Provocateur à l’instar de son modèle, l’artiste plasticien Jeffrey Godefroi (joué par l’excellent acteur flamand Koen De Bouw, quoiqu’un brin caricatural) veut pousser plus loin les frontières du marché de l’art, un système qui devient pour l’artiste un terrain de jeu et d’expérimentation dont il est l’unique bénéficiaire — ce qui est également juste dans le cas de l’œuvre réelle : nous ne connaissons aucun visage à Tim Steiner, hormis un profil et un trois-quarts sur Google Images. L’homme ne s’appartient plus. Le Visa Schengen tatoué sur le dos de Sam n’a pas plus de sens pour son créateur que le dessin que Wim a gravé dans la peau de Tim : une Madone surmontée d’une tête de mort mexicaine. En effet, l’œuvre, c’est l’homme, avec ceci de paradoxal que Sam, ce nouvel héros faustien pensant troquer un morceau de sa peau contre une once de liberté, livre son âme dans le même package. Dépossédé de sa chair, il n’est que charogne en devenir sous cette couche de peau ferme et vigoureuse, ce que ne manquent pas de lui rappeler les œuvres de désincarnation attirant son regard : installation de bêtes dépecées à Beyrouth, cochons taxidermisés à Bruxelles, tableau de nature morte du baroque Frans Snyders, intitulé Garde-manger, devant lequel Sam passe en empruntant les couloirs du musée bruxellois.

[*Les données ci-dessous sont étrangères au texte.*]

Definition triv_grepr : representation F H :=
  Representation (MxRepresentation triv_mx_repr).

Fixpoint tpow_grepr (rW : representation F H) (k : nat) : representation F H :=
  if k is k'.+1 then Representation (prod_repr rW (tpow_grepr rW k'))
  else triv_grepr.

Definition tsum_grepr (rW : representation F H) (t : nat) : representation F H :=
  \big[@dadd_grepr F gT H/@grepr0 F gT H]_(k < t.+1) tpow_grepr rW k.

(* W is rich: every simple F[H]-module (irreducible representation of H)
   occurs (up to isomorphism) as a composition factor of W. *)
Definition rich (rW : representation F H) : Prop :=
  forall rS : representation F H, mx_irreducible rS ->
    exists Us : seq 'M[F]_(rdegree rW),
    exists compUs : mx_composition_series rW Us,
      (last 0 Us == 1%:M)%MS /\
      exists i, exists lt_i : (i < size Us)%N,
        mx_rsim (series_repr i compUs) rS.

Definition tensor_rich (rW : representation F H) : Prop :=
  exists t : nat, (0 < t)%N /\ rich (tsum_grepr rW t).

End TensorRich.

From HB Require Import structures.
From mathcomp Require Import all_boot all_order all_fingroup all_algebra all_solvable.
From mathcomp Require Import mxrepresentation character mxabelem.
From Stdlib Require Import Classical.
Set Implicit Arguments.
Unset Strict Implicit.
Unset Printing Implicit Defensive.
Import GRing.Theory.
Local Open Scope ring_scope.

(* Write H = G/N and W for the F[H]-module afforded by the induced representation. Its
   kernel ker ρ / N is a p-group, because the p'-part of every element of ker ρ lies in N,
   and a normal p-subgroup acts trivially on every simple module; hence every simple
   F[H]-module S factors through x ↦ W(x). The indicator function of a fibre of x ↦ W(x)
   is a product of |H| functions affine in the matrix entries of W(x), hence a matrix
   coefficient of T = ⊕_{k ≤ |H|} W^{⊗k}, so every element of F[H] annihilating T
   annihilates S. Finally, if ann(M) ⊆ ann(S) with S simple, then S is a composition factor
   of M: there are m ∈ M and s ≠ 0 in S with ann(m) ⊆ ann(s), so S is a quotient of the
   cyclic module F[H]m, and a Schreier refinement puts this section into a composition
   series of M. *)

Section CompositionFactor.
Variables (F : fieldType) (gT : finGroupType) (G : {group gT}).
Variables (n : nat) (rM : mx_representation F G n).
Variables (s : nat) (rS : mx_representation F G s).

Definition mx_composition_factor : Prop :=
  exists Us : seq 'M[F]_n, exists compUs : mx_composition_series rM Us,
    (last 0 Us == 1%:M)%MS /\
    exists i, exists lt_i : (i < size Us)%N, mx_rsim (series_repr i compUs) rS.

Lemma mx_series_max_submod_pred (V : seq 'M_n) (U W : 'M_n) :
    mx_composition_series rM V -> U \in 0 :: V -> W \in V -> max_submod rM U W ->
  (U :=: (0 :: V)`_(index W V))%MS.
Proof.
move=> compV UV WV [ltUW maxU].
have sortV : sorted (fun A B : 'M_n => A <= B)%MS (0 :: V).
  by apply: sub_path (mx_series_lt compV) => A B /ltmxW.
have leV := sorted_leq_nth (fun B A C => @submx_trans F n n n n A B C)
  (@submx_refl F n n) 0 sortV.
set b := index W V; have ltbV : (b < size V)%N by rewrite index_mem.
have Vb : V`_b = W := nth_index 0 WV.
have sUP : (U <= (0 :: V)`_b)%MS.
  have iU : index U (0 :: V) \in [pred i | i < (size V).+1]%N by rewrite inE index_mem.
  have iP : b \in [pred i | i < (size V).+1]%N by rewrite inE ltnW.
  have [le_ab | lt_ba] := leqP (index U (0 :: V)) b.
    by have := leV _ _ iU iP le_ab; rewrite nth_index.
  have := leV b.+1 _ ltbV iU lt_ba; rewrite /= Vb nth_index //.
  by rewrite (negPf (proj2 (andP ltUW))).
apply/eqmxP; rewrite sUP /=; apply: contraT => nsPU; case: (maxU ((0 :: V)`_b)).
split; first exact: mx_subseries_module' (proj1 compV).
  by rewrite ltmxE sUP.
by rewrite -Vb; case: (proj2 compV b ltbV).
Qed.

Hypothesis irrS : mx_irreducible rS.

Lemma mx_composition_factor_section (U W : 'M_n)
    (modU : mxmodule rM U) (modW : mxmodule rM W) :
  (U <= W)%MS -> mx_rsim (section_repr modU modW) rS -> mx_composition_factor.
Proof.
move=> sUW simS; have maxUW := mx_rsim_irr (mx_rsim_sym simS) irrS.
have [ltUW _] := proj2 (max_submodP modU modW sUW) maxUW.
pose L := if U == 0 then [:: W] else [:: U; W].
have [V [compV /eqmxP lastV subLV]] :
    exists V, [/\ mx_composition_series rM V, last 0 V :=: 1%:M & subseq L V]%MS.
  have modL : mx_subseries rM L by rewrite /L; case: ifP; rewrite /= ?modU modW.
  have ltL : path ltmx 0 L.
    rewrite /L; case: eqP => [_ | /eqP nzU] /=; last by rewrite ltUW lt0mx nzU.
    by rewrite (sub_ltmx_trans (sub0mx _ _) ltUW).
  by apply: NNPP; apply/classicP; apply: mx_Schreier modL ltL.
have WV : W \in V.
  by apply: (mem_subseq subLV); rewrite /L; case: ifP; rewrite !inE eqxx ?orbT.
have UV : U \in 0 :: V.
  rewrite inE; case: eqP => //= /eqP nzU; apply: (mem_subseq subLV).
  by rewrite /L (negPf nzU) inE eqxx.
have eqUP := mx_series_max_submod_pred compV UV WV (proj2 (max_submodP _ _ sUW) maxUW).
have ltWV : (index W V < size V)%N by rewrite index_mem.
exists V, compV; split=> //; exists (index W V), ltWV.
apply: mx_rsim_trans simS; apply: mx_rsim_sym; apply: section_eqmx => //.
by rewrite nth_index.
Qed.
End CompositionFactor.

Section SectionOfHom.
Variables (F : fieldType) (gT : finGroupType) (G : {group gT}).
Variables (n : nat) (rM : mx_representation F G n).
Variables (s : nat) (rS : mx_representation F G s).
Variables (W : 'M[F]_n) (modW : mxmodule rM W) (h : 'M[F]_(n, s)).
Hypothesis homWh : {in G, forall x, W *m rM x *m h = W *m h *m rS x}.

Lemma hom_submx k (D : 'M_(k, n)) x :
  x \in G -> (D <= W)%MS -> D *m rM x *m h = D *m h *m rS x.
Proof. by move=> Gx /submxP[E ->]; rewrite -!mulmxA !(mulmxA W) homWh. Qed.

Lemma mxmodule_cap_kermx : mxmodule rM (W :&: kermx h)%MS.
Proof.
apply/mxmoduleP => x Gx; rewrite sub_capmx (mxmodule_trans modW Gx) ?capmxSl //=.
by apply/sub_kermxP; rewrite hom_submx ?capmxSl // (sub_kermxP (capmxSr _ _)) mul0mx.
Qed.

Hypotheses (irrS : mx_irreducible rS) (nzWh : W *m h != 0).

Lemma mxrank_hom_irr : \rank (W *m h) = s.
Proof.
have modWh : mxmodule rS (W *m h).
  by apply/mxmoduleP => x Gx; rewrite -homWh // submxMr // (mxmoduleP modW).
have [_ irr] := proj1 (mx_irrP rS) irrS.
have := irr _ (etrans (eqmx_module _ (genmxE (W *m h))) modWh).
by rewrite -mxrank_eq0 /row_full !genmxE mxrank_eq0 => /(_ nzWh)/eqP.
Qed.
(* Let $r\ge3$, $n_1,\dots,n_r\ge1$, $p\in \{1,\ldots,\min(n_1,n_2)\}$, $\pi' \in C_2((n_1+n_2-2p)\otimes n_3 \otimes \ldots \otimes n_r)$, $\sigma_1:\{1,\ldots,p\} \to \{1,\ldots,n_1\}$ decreasing and $\sigma_2:\{1,\ldots,p\} \to \{1,\ldots,n_2\}$ injective. Then \[ \mathrm{Cr}(F(\sigma_1,\sigma_2,\pi'))=\alpha_{n_1}(\sigma_1)+\beta(\sigma_2)+\mathrm{Cr}(\pi'). \]
   Context: For a pairing $\pi$ (partition into two-element sets) of a finite set of integers, a crossing is a pair of blocks $\{x_1,y_1\},\{x_2,y_2\}\in\pi$ with $x_1<x_2<y_1<y_2$; $\mathrm{Cr}(\pi)$ is their number. Blocks and respecting pairings: for $n_1,\dots,n_r\ge1$ and $N=n_1+\dots+n_r$, the blocks of $n_1\otimes\cdots\otimes n_r$ are $\{1,\dots,n_1\}$, $\{n_1+1,\dots,n_1+n_2\}$, etc.; $C_2(n_1\otimes\cdots\otimes n_r)$ is the set of pairings of $\{1,\dots,N\}$ each of whose pairs joins two different blocks. For an injective $\sigma:\{1,\dots,p\}\to\{1,\dots,m\}$, $\mathrm{inv}(\sigma)=\mathrm{Card}\{i<j:\sigma(i)>\sigma(j)\}$, $\alpha_n(\sigma):=\sum_{i=1}^p (n+1-\sigma(i))-\frac{p(p+1)}{2}$ and $\beta(\sigma):=\sum_{i=1}^p \sigma(i)-\frac{p(p+1)}{2}+\mathrm{inv}(\sigma)$. Construction $F$: $\pi=F(\sigma_1,\sigma_2,\pi')\in C_2(n_1\otimes\cdots\otimes n_r)$ consists of the $p$ pairs $\{\sigma_1(i),n_1+\sigma_2(i)\}$, $1\le i\le p$, together with the pairs obtained from $\pi'$ by identifying the first block $\{1,\dots,n_1+n_2-2p\}$ of $\pi'$ (in increasing order) with the $n_1+n_2-2p$ points of $\{1,\dots,n_1+n_2\}$ not used in those $p$ pairs (in increasing order), and the point $n_1+n_2-2p+j$ of $\pi'$ with $n_1+n_2+j$ for $j\ge1$. *)

From mathcomp Require Import all_boot.
Set Implicit Arguments. Unset Strict Implicit. Unset Printing Implicit Defensive.

(* A pair/block {x,y} of a pairing is stored as (x,y) with x < y;
   a pairing is a finite list of such blocks. *)
Definition pairing := seq (nat * nat).

Definition is_pairing (N : nat) (pi : pairing) : bool :=
  all (fun b => b.1 < b.2) pi &&
  perm_eq (flatten [seq [:: b.1; b.2] | b <- pi]) (iota 1 N).

Definition Cr (pi : pairing) : nat :=
  \sum_(b1 <- pi) \sum_(b2 <- pi)
     [&& b1.1 < b2.1, b2.1 < b1.2 & b1.2 < b2.2].

(* Index (0-based) of the block of n_1 (x) ... (x) n_r containing k. *)
Definition blk (ns : seq nat) (k : nat) : nat :=
  count (fun s => s < k) [seq sumn (take j ns) | j <- iota 1 (size ns)].

Definition C2 (ns : seq nat) (pi : pairing) : bool :=
  is_pairing (sumn ns) pi && all (fun b => blk ns b.1 != blk ns b.2) pi.

(* Maps sigma : {1..p} -> {1..m} are functions nat -> nat; only the
   values on {1..p} matter. *)
Definition maps_into (p m : nat) (s : nat -> nat) : Prop :=
  forall i, 1 <= i <= p -> 1 <= s i <= m.

Definition injective_on (p : nat) (s : nat -> nat) : Prop :=
  forall i j, 1 <= i <= p -> 1 <= j <= p -> s i = s j -> i = j.

Definition decreasing_on (p : nat) (s : nat -> nat) : Prop :=
  forall i j, 1 <= i -> i < j -> j <= p -> s j < s i.

Definition inv (p : nat) (s : nat -> nat) : nat :=
  \sum_(1 <= i < p.+1) \sum_(1 <= j < p.+1) (i < j) && (s j < s i).

Definition alpha (n p : nat) (s : nat -> nat) : nat :=
  \sum_(1 <= i < p.+1) (n.+1 - s i) - (p * p.+1) %/ 2.

Definition beta (p : nat) (s : nat -> nat) : nat :=
  \sum_(1 <= i < p.+1) s i - (p * p.+1) %/ 2 + inv p s.

Definition F (n1 n2 p : nat) (s1 s2 : nat -> nat) (pi' : pairing) : pairing :=
  let used := [seq s1 i | i <- iota 1 p] ++ [seq n1 + s2 i | i <- iota 1 p] in
  let U := [seq k <- iota 1 (n1 + n2) | k \notin used] in
  let M := n1 + n2 - 2 * p in
  let g := fun k => if k <= M then nth 0 U k.-1 else n1 + n2 + (k - M) in
  [seq (s1 i, n1 + s2 i) | i <- iota 1 p] ++ [seq (g b.1, g b.2) | b <- pi'].

From Pilot Require Import Defs.
From mathcomp Require Import all_boot zify.

Set Implicit Arguments.
Unset Strict Implicit.
Unset Printing Implicit Defensive.

(* Write F(s1, s2, pi') as the p long pairs (s1 i, n1 + s2 i) followed by pi'
   relabelled through the increasing map g.  Crossings inside pi' survive the
   relabelling unchanged, and since s1 is decreasing the long pairs cross each
   other exactly at the inversions of s2.  A block of pi' has at most one point
   in the first block of pi', and its other point is sent beyond n1 + n2; so it
   crosses the long pair i exactly when its first point lands strictly between
   s1 i and n1 + s2 i.  As g maps the first block onto the unused points, the
   long pair i is therefore crossed by as many blocks as there are unused points
   in that interval: n1 + 1 - s1 i - i of them up to n1, and
   s2 i - 1 - #{j | s2 j < s2 i} beyond n1.  Summing over i gives alpha and
   beta - inv. *)

Lemma sum_nat_count (T : Type) (a : pred T) (s : seq T) :
  \sum_(x <- s) (a x : nat) = count a s.
Proof. by rewrite -sum1_count [RHS]big_mkcond. Qed.

Lemma sum_iota1 p : \sum_(i <- iota 1 p) i = (p * p.+1) %/ 2.
Proof.
have := bin2_sum p.+1; rewrite big_ltn // bin2 -divn2 mulnC /= => <-.
by rewrite /index_iota subn1.
Qed.

Lemma count_iota_lt a m n : count (fun j => j < a) (iota m n) = minn n (a - m).
Proof. by elim: n m => [|n IH] m /=; rewrite ?min0n // IH; case: ltnP; lia. Qed.

Lemma count_iota_between a b m n :
  count (fun u => a < u < b) (iota m n) = minn (m + n) b - maxn m a.+1.
Proof.
elim: n m => [|n IH] m /=; first by rewrite addn0; lia.
by rewrite IH; case: (ltnP a m); case: (ltnP m b) => /=; lia.
Qed.

Lemma count_between_split a b c s : a <= b < c ->
  count (fun u => a < u < c) s =
  count (fun u => a < u < b.+1) s + count (fun u => b < u < c) s.
Proof.
move=> /andP[ab bc]; elim: s => //= x s ->.
by case: (ltnP a x); case: (ltnP x c); case: (ltnP x b.+1); case: (ltnP b x) => /=;
  lia.
Qed.

Lemma sum_count_lt_inj p s : injective_on p s ->
  (\sum_(i <- iota 1 p) count (fun j => s j < s i) (iota 1 p)) * 2 + p = p * p.
Proof.
move=> s_inj.
have trichotomy i j : i \in iota 1 p -> j \in iota 1 p ->
    (s j < s i) + (s i < s j) + (j == i) = 1.
  rewrite !mem_iota => Hi Hj; case: ltngtP => [lt|gt|eq] /=.
  - by case: eqP lt => // ->; rewrite ltnn.
  - by case: eqP gt => // ->; rewrite ltnn.
  - by rewrite (s_inj j i Hj Hi eq) eqxx.
have row i : i \in iota 1 p -> count (fun j => s j < s i) (iota 1 p)
    + count (fun j => s i < s j) (iota 1 p) + 1 = p.
  move=> Hi; have one : count (pred1 i) (iota 1 p) = 1.
    by rewrite count_uniq_mem ?iota_uniq ?Hi.
  rewrite -[X in _ + X = _]one -!sum_nat_count.
  rewrite -!big_split /= -[RHS](size_iota 1 p) -sum1_size.
  by apply: eq_big_seq => j Hj; rewrite trichotomy.
have rows : \sum_(i <- iota 1 p) (count (fun j => s j < s i) (iota 1 p)
    + count (fun j => s i < s j) (iota 1 p) + 1) = p * p.
  by rewrite (eq_big_seq _ row) big_const_seq count_predT size_iota iter_addn_0.
move: rows; rewrite !big_split /= sum1_size size_iota.
under [X in _ + X + _ = _]eq_bigr do rewrite -sum_nat_count.
rewrite exchange_big /=.
under [X in _ + X + _ = _]eq_bigr do rewrite sum_nat_count.
lia.
Qed.

Definition endpoints (pi : pairing) : seq nat :=
  flatten [seq [:: q.1; q.2] | q <- pi].

Lemma sum_endpoints (w : nat -> nat) (pi : pairing) :
  \sum_(q <- pi) (w q.1 + w q.2) = \sum_(k <- endpoints pi) w k.
Proof.
by rewrite big_flatten big_map; apply: eq_bigr => q _; rewrite big_cons big_seq1.
Qed.

Lemma is_pairing_sum N pi (w : nat -> nat) : is_pairing N pi ->
  \sum_(q <- pi) (w q.1 + w q.2) = \sum_(k <- iota 1 N) w k.
Proof. by case/andP => _ ends; rewrite sum_endpoints (perm_big _ ends). Qed.

Lemma is_pairing_block N pi q : is_pairing N pi -> q \in pi -> 0 < q.1 < q.2.
Proof.
case/andP => /allP lt12 /perm_mem ends q_pi; rewrite lt12 // andbT.
have : q.1 \in endpoints pi by apply/flatten_mapP; exists q; rewrite ?inE ?eqxx.
by rewrite ends mem_iota => /andP[].
Qed.

Lemma blk_head M rest k : k <= M -> blk (M :: rest) k = 0.
Proof.
move=> k_le; rewrite /blk count_map (@eq_in_count _ _ pred0) ?count_pred0 //.
case=> [|j]; rewrite mem_iota //= => _; rewrite ltnNge; apply/negbTE/negPn.
exact: leq_trans k_le (leq_addr _ _).
Qed.

Lemma C2_snd_gt_head M rest pi : C2 (M :: rest) pi -> all (fun q => M < q.2) pi.
Proof.
case/andP => /andP[/allP lt12 _] /allP diff; apply/allP => q q_pi.
rewrite ltnNge; apply/negP => q2_le.
have := diff q q_pi; rewrite !blk_head //.
exact: leq_trans (ltnW (lt12 q q_pi)) q2_le.
Qed.

Definition crossing (b1 b2 : nat * nat) : bool :=
  [&& b1.1 < b2.1, b2.1 < b1.2 & b1.2 < b2.2].

Lemma Cr_cat A B : Cr (A ++ B) =
  Cr A + Cr B + \sum_(a <- A) \sum_(b <- B) (crossing a b + crossing b a).
Proof.
rewrite /Cr big_cat /=.
under eq_bigr do rewrite big_cat /=.
under [X in _ + X]eq_bigr do rewrite big_cat /=.
rewrite !big_split /= [\sum_(b <- B) \sum_(a <- A) _]exchange_big /=.
under [X in _ = _ + X]eq_bigr do rewrite big_split /=.
rewrite big_split /= /crossing; lia.
Qed.

Lemma crossing_far_right a c x y : c < y ->
  crossing (a, c) (x, y) + crossing (x, y) (a, c) = (a < x < c).
Proof.
by move=> cy; rewrite /crossing /= cy andbT (ltnNge y c) (ltnW cy) !andbF addn0.
Qed.

Lemma Cr_map_mono (D : {pred nat}) (f : nat -> nat) (pi : pairing) :
  {in D &, {mono f : x y / x < y}} ->
  all (fun q => (q.1 \in D) && (q.2 \in D)) pi ->
  Cr [seq (f q.1, f q.2) | q <- pi] = Cr pi.
Proof.
move=> f_mono /allP piD; rewrite /Cr big_map.
apply: eq_big_seq => b /piD/andP[b1 b2].
by rewrite big_map; apply: eq_big_seq => q /piD/andP[q1 q2] /=; rewrite !f_mono.
Qed.

Section Relabel.

Variables (N M : nat) (used : seq nat).
Hypotheses (used_uniq : uniq used) (used_sub : {subset used <= iota 1 N})
  (M_def : M = N - size used).

Definition unused : seq nat := [seq k <- iota 1 N | k \notin used].

(* With N := n1 + n2, M := n1 + n2 - 2p and [used] the endpoints of the long
   pairs, [relabel] is the map of construction F: the first block {1..M} is
   sent increasingly onto the unused points, the rest is shifted past N. *)
Definition relabel (k : nat) : nat :=
  if k <= M then nth 0 unused k.-1 else N + (k - M).

Lemma count_unused (a : pred nat) :
  count a unused + count a used = count a (iota 1 N).
Proof.
have used_filter : perm_eq [seq k <- iota 1 N | k \in used] used.
  apply: uniq_perm; rewrite ?filter_uniq ?iota_uniq // => k.
  by rewrite mem_filter andb_idr // => /used_sub.
rewrite -(permP used_filter) addnC -count_cat; apply/permP.
by rewrite perm_filterC.
Qed.

Lemma size_unused : size unused = M.
Proof.
have := count_unused predT; rewrite !count_predT size_iota M_def => <-.
by rewrite addnK.
Qed.

Lemma mem_unused u : u \in unused -> 0 < u <= N.
Proof. by rewrite mem_filter mem_iota => /andP[_]; lia. Qed.

Lemma relabel_head k : 0 < k <= M -> relabel k \in unused.
Proof.
by move=> /andP[k_gt0 k_le]; rewrite /relabel k_le mem_nth // size_unused; lia.
Qed.

Lemma relabel_tail k : M < k -> N < relabel k.
Proof. by move=> k_big; rewrite /relabel (leqNgt k M) k_big /=; lia. Qed.

Lemma relabel_homo : {in [pred k | 0 < k] &, {homo relabel : x y / x < y}}.
Proof.
move=> x y; rewrite !inE => x_gt0 y_gt0 xy.
case: (leqP y M) => [y_le | y_gt].
- rewrite /relabel y_le (leq_trans (ltnW xy) y_le).
  apply: (sorted_ltn_nth ltn_trans); rewrite ?inE ?size_unused; try lia.
  exact/sorted_filter/iota_ltn_sorted/ltn_trans.
- have /relabel_tail y_big := y_gt.
  case: (leqP x M) => [x_le | x_gt].
  + have /mem_unused : relabel x \in unused by apply: relabel_head; rewrite x_gt0.
    lia.
  + by rewrite /relabel (leqNgt x M) x_gt (leqNgt y M) y_gt /=; lia.
Qed.

Lemma relabel_mono : {in [pred k | 0 < k] &, {mono relabel : x y / x < y}}.
Proof. exact/leqW_mono_in/leq_mono_in/relabel_homo. Qed.

Lemma map_relabel_iota : [seq relabel k | k <- iota 1 M] = unused.
Proof.
rewrite -[RHS](mkseq_nth 0) /mkseq size_unused -[1]addn0 iotaDl -map_comp.
by apply/eq_in_map => k; rewrite mem_iota /= /relabel => k_lt; rewrite ifT.
Qed.

Lemma Cr_relabel K pi : is_pairing K pi ->
  Cr [seq (relabel q.1, relabel q.2) | q <- pi] = Cr pi.
Proof.
move=> pi_pair; apply: (Cr_map_mono relabel_mono); apply/allP => q q_pi.
have /andP[q1_gt0 q12] := is_pairing_block pi_pair q_pi.
by rewrite !inE q1_gt0 (ltn_trans q1_gt0 q12).
Qed.
Lemma int2_codeg : int2 codeg = cherry_dens.
Proof.
rewrite -int2_U_deg; apply: eq_int01 => a.
rewrite /codeg (fubini_int01 (fun b c => U a c * U c b)); last by bounded_mfun_tac.
by apply: eq_int01 => c; rewrite int01Zl//; exact: bounded_mfunUr.
Qed.

Lemma int4_ab_bc : int4 (fun a b c d => U a b * U b c) = cherry_dens.
Proof.
rewrite (int4_int01 _ (fun a b c => U a b * U b c)); last by move=> *; rewrite int01_cst.
rewrite (int3_int01 _ (fun a b => U a b * deg b)) ?int2_U_deg// => a b.
by rewrite int01Zl//; exact: bounded_mfunUr.
Qed.

Lemma int4_ab_cd : int4 (fun a b c d => U a b * U c d) = edge_dens ^+ 2.
Proof.
rewrite (int4_int01 _ (fun a b c => U a b * deg c)); last first.
  by move=> a b c; rewrite int01Zl//; exact: bounded_mfunUr.
rewrite (int3_int01 _ (fun a b => U a b * edge_dens)); last first.
  by move=> a b; rewrite int01Zl//; exact: bounded_mfun_deg.
rewrite (int2_int01 _ (fun a => edge_dens * deg a)); last first.
  by move=> a; rewrite int01Zr 1?mulrC//; exact: bounded_mfunUr.
by rewrite int01Zl ?expr2//; exact: bounded_mfun_deg.
Qed.

Lemma int4_ab_da : int4 (fun a b c d => U a b * U d a) = cherry_dens.
Proof.
rewrite (int4_int01 _ (fun a b c => U a b * deg a)); last first.
  move=> a b c; rewrite (eq_int01 (g := fun d => U a b * U a d)) => [|d];
    last by rewrite (U_sym d a).
  by rewrite int01Zl//; exact: bounded_mfunUr.
rewrite (int3_int01 _ (fun a b => U a b * deg a)); last by move=> a b; rewrite int01_cst.
rewrite (int2_int01 _ (fun a => deg a ^+ 2))// => a.
by rewrite int01Zr ?expr2//; exact: bounded_mfunUr.
Qed.

Lemma int4_bc_cd : int4 (fun a b c d => U b c * U c d) = cherry_dens.
Proof.
rewrite (int4_int01 _ (fun a b c => U b c * deg c)); last first.
  by move=> a b c; rewrite int01Zl//; exact: bounded_mfunUr.
by rewrite /int3 (eq_int01 (g := fun _ => cherry_dens)) ?int01_cst// => a; exact: int2_U_deg.
Qed.
Lemma isom_cont_at_comp f g x : isom_cont_at f x -> isom_cont_at g x ->
  isom_cont_at (fun y => isom_comp (f y) (g y)) x.
Proof.
move=> fc gc e e0; have e2 : 0 < e / 2 by rewrite divr_gt0.
apply: filterS2 (fc _ e2) (gc _ e2) => y [f1 f2] [g1 g2].
rewrite /isom_comp /= f1 g1; split => //.
have -> : rot (f y) + sgn (refl (f x)) * rot (g y) - (rot (f x) + sgn (refl (f x)) * rot (g x)) =
    (rot (f y) - rot (f x)) + sgn (refl (f x)) * (rot (g y) - rot (g x)) by ring.
by apply: le_lt_trans (tnormD _ _) _; rewrite tnorm_sgnM; lra.
Qed.

Lemma isom_cont_at_inv f x : isom_cont_at f x -> isom_cont_at (fun y => isom_inv (f y)) x.
Proof.
move=> fc e e0; apply: filterS (fc e e0) => y [f1 f2].
rewrite /isom_inv /= f1; split => //.
by rewrite -opprD -mulrN -mulrDr tnormN tnorm_sgnM.
Qed.

Lemma isom_cont_at_locally_constant f x : (\forall y \near x, f y = f x) -> isom_cont_at f x.
Proof. by move=> fx e e0; apply: filterS fx => y ->; rewrite subrr (tnorm_int R 0). Qed.

Lemma isom_cont_at_near f g x :
  (\forall y \near x, f y = g y) -> isom_cont_at g x -> isom_cont_at f x.
Proof.
move=> fg gc e e0; rewrite (nbhs_singleton fg).
by apply: filterS2 fg (gc e e0) => y ->.
Qed.

End IsomContinuity.

Lemma isom_cont_at_comp_map (R : realType) (X Y : topologicalType)
    (f : Y -> isomT R) (h : X -> Y) x :
  {for x, continuous h} -> isom_cont_at f (h x) -> isom_cont_at (f \o h) x.
Proof. by move=> hc fc e e0; exact: hc _ (fc e e0). Qed.

(* [compact_cover] and [homeomorphism_cantor_like] are stated for pointed spaces. *)
Definition pointed_at (R : realType) (T : pseudoMetricType R) (x0 : T) : Type := T.
HB.instance Definition _ (R : realType) (T : pseudoMetricType R) (x0 : T) :=
  PseudoMetric.copy (pointed_at x0) T.
HB.instance Definition _ (R : realType) (T : pseudoMetricType R) (x0 : T) :=
  isPointed.Build (pointed_at x0) x0.

Lemma compact_cover_compact (R : realType) (T : pseudoMetricType R) (A : set T) :
  compact A -> cover_compact A.
Proof.
have [[x0 _]|T0] := pselect (exists x : T, True).
  by rewrite (@compact_cover (pointed_at x0)).
by move=> _ I D f _ _; exists fset0 => // x; case: T0; exists x.
Qed.

Lemma near_find_clopen (T : topologicalType) (I : Type) (D : I -> set T) (s : seq I) :
  (forall i, clopen (D i)) ->
  forall x, \forall y \near x, find (fun i => `[< D i y >]) s = find (fun i => `[< D i x >]) s.
Proof.
move=> clD x; elim: s => [|i s IH] /=; first exact: nearW.
have [[oD cD] [Dx|nDx]] := (clD i, pselect (D i x)).
  have : \forall y \near x, D i y by apply: open_nbhs_nbhs.
  by apply: filterS => y Dy; rewrite !asboolT.
have : \forall y \near x, ~ D i y by apply: open_nbhs_nbhs; split => //; exact: closed_openC.
by apply: filterS2 IH => y -> nDy; rewrite !asboolF.
Qed.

« Relax, the world is yours », lui dit l’agente Soraya, une Monica Bellucci peroxydée et dont le port semi-altier, semi-maladroit contribue à la légèreté de ce drame quasi-camusien en le sauvant de la lourdeur. De même, le jeu de Yahya Mahayni, perle mise à jour par la cinéaste, détone par sa rare justesse, et ce autant dans le rire que dans la rage et les larmes. « Détends-toi, le monde t’appartient », lui dit donc Soraya, mais c’est tout le contraire qui attend Sam. Comme Tim, ce dernier devra honorer son contrat à plusieurs dizaines de millions d’euros en passant des heures par jour, des années durant, assis sur un banc ou un tabouret — son socle en tant que pièce d’art —, transitant de musées en galeries en passant par les soirées privées où l’on glose art et politique entre deux gorgées de champagne. Partout où il est exposé, l’homme-objet est tenu à l’œil par un gardien qui le protège autant du public que de lui-même et de ces boutons purulents qui menacent de balafrer la toile de chair — l’occasion d’une scène chirurgicale des plus cocasses.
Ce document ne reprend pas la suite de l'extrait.